There are 2 reasons why NumPy functions can outperform Pythons types:
The values inside the array are native types, not Python types. This means NumPy doesn't need to go through the abstraction layer that Python has.
NumPy functions are (mostly) written in C. That actually only matters in some cases because a lot of Python functions are also written in C, for example sum.
In your case you also do something really inefficient: You append to an array. That's one really expensive operation in the middle of a double loop. That's an obvious (and unnecessary) bottleneck right there. You would get amazing speedups just by using lists as nonzero_row and nonzero_col and only convert them to array just before you return:
def nonzero_list_based(a):
row,colum = a.shape
a = a.tolist()
nonzero_row = []
nonzero_col = []
for i in range(0,row):
for j in range(0,colum):
if a[i][j] != 0:
nonzero_row.append(i)
nonzero_col.append(j)
return (np.array(nonzero_row), np.array(nonzero_col))
The timings:
import numpy as np
def nonzero_original(a):
row,colum = a.shape
nonzero_row = np.array([],dtype=int)
nonzero_col = np.array([],dtype=int)
for i in range(0,row):
for j in range(0,colum):
if a[i,j] != 0:
nonzero_row = np.append(nonzero_row,i)
nonzero_col = np.append(nonzero_col,j)
return (nonzero_row,nonzero_col)
arr = np.random.randint(0, 10, (100, 100))
%timeit np.nonzero(arr)
# 315 µs ± 5.39 µs per loop (mean ± std. dev. of 7 runs, 1000 loops each)
%timeit nonzero_original(arr)
# 759 ms ± 12.6 ms per loop (mean ± std. dev. of 7 runs, 1 loop each)

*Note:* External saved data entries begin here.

(* Let $S^0$ be an inverse semigroup with semilattice of idempotents $E^0$. Let $L$ be a left inverse semigroup and $R$ a right inverse semigroup and suppose that $S^0$ is a common quasi-ideal inverse transversal of $L$ and $R$; for $x$ in $L$ or $R$ let $x^0$ denote the unique inverse of $x$ lying in $S^0$. Let $R\times L\to S^0$ be a map denoted by $(a,x)\mapsto a\ast x$ and suppose that $\ast$ satisfies (1) for all $y,z\in L$, $a,b\in R$ with $y^0=b^0$, $(a\ast y)(b^0b)\ast z = a\ast (yy^0)(b\ast z)$; (2) if $a\in S^0$ or $x\in S^0$ then $a\ast x = ax$; (3) for all $e\in E(R)$, $f \in E(L)$, $e\ast f \in E^0$. Let $T = \{(x,a)\in L\times R : x^0 = a^0\}$ and define $(x,a)(y,b)=((xx^0)(a\ast y),(a\ast y)(b^0b))$. Then $T$ is a regular semigroup with a multiplicative inverse transversal $T^0$ with $T^0\cong S^0$. Moreover every regular semigroup with a multiplicative inverse transversal can be constructed (up to isomorphism) in this way.
   Context: An inverse subsemigroup $S^0$ of a regular semigroup $S$ is an inverse transversal if each $x\in S$ has exactly one inverse $x^0$ in $S^0$; it is a quasi-ideal if $S^0SS^0\subseteq S^0$, and multiplicative if $\Lambda I\subseteq E^0$ where $I=\{xx^0:x\in S\}$ and $\Lambda=\{x^0x:x\in S\}$. A left (right) inverse semigroup is a regular semigroup whose idempotents form a left (right) regular band. *)

Set Implicit Arguments.

Section Generic.
Variables (X : Type) (op : X -> X -> X).

Definition full : X -> Prop := fun _ => True.

Definition closed_on (C : X -> Prop) : Prop :=
  forall x y, C x -> C y -> C (op x y).

Definition assoc_on (C : X -> Prop) : Prop :=
  forall x y z, C x -> C y -> C z -> op (op x y) z = op x (op y z).

Definition semigroup_on (C : X -> Prop) : Prop := closed_on C /\ assoc_on C.

Definition inverse_of (x y : X) : Prop :=
  op (op x y) x = x /\ op (op y x) y = y.

Definition idem (e : X) : Prop := op e e = e.

Definition regular_on (C : X -> Prop) : Prop :=
  forall x, C x -> exists y, C y /\ op (op x y) x = x.

Definition inverse_sg_on (C : X -> Prop) : Prop :=
  semigroup_on C /\ forall x, C x -> exists! y, C y /\ inverse_of x y.

Definition inverse_transversal_on (C C0 : X -> Prop) : Prop :=
  (forall x, C0 x -> C x) /\ inverse_sg_on C0 /\
  forall x, C x -> exists! y, C0 y /\ inverse_of x y.

Definition quasi_ideal_on (C C0 : X -> Prop) : Prop :=
  forall a x b, C0 a -> C x -> C0 b -> C0 (op (op a x) b).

%timeit nonzero_list_based(arr)
# 13.1 ms ± 492 µs per loop (mean ± std. dev. of 7 runs, 100 loops each)
Even though it's 40 times slower than the NumPy operation it's still more than 60 times faster than your approach. There's an important lesson here: Avoid np.append whenever possible!
One additional point why NumPy outperforms alternative approaches is because they (mostly) use state-of-the art approaches (or they "import" them, i.e. BLAS/LAPACK/ATLAS/MKL) to solve the problems. These algorithms have been optimized for correctness and speed over years (if not decades). You shouldn't expect to find a faster or even comparable solution.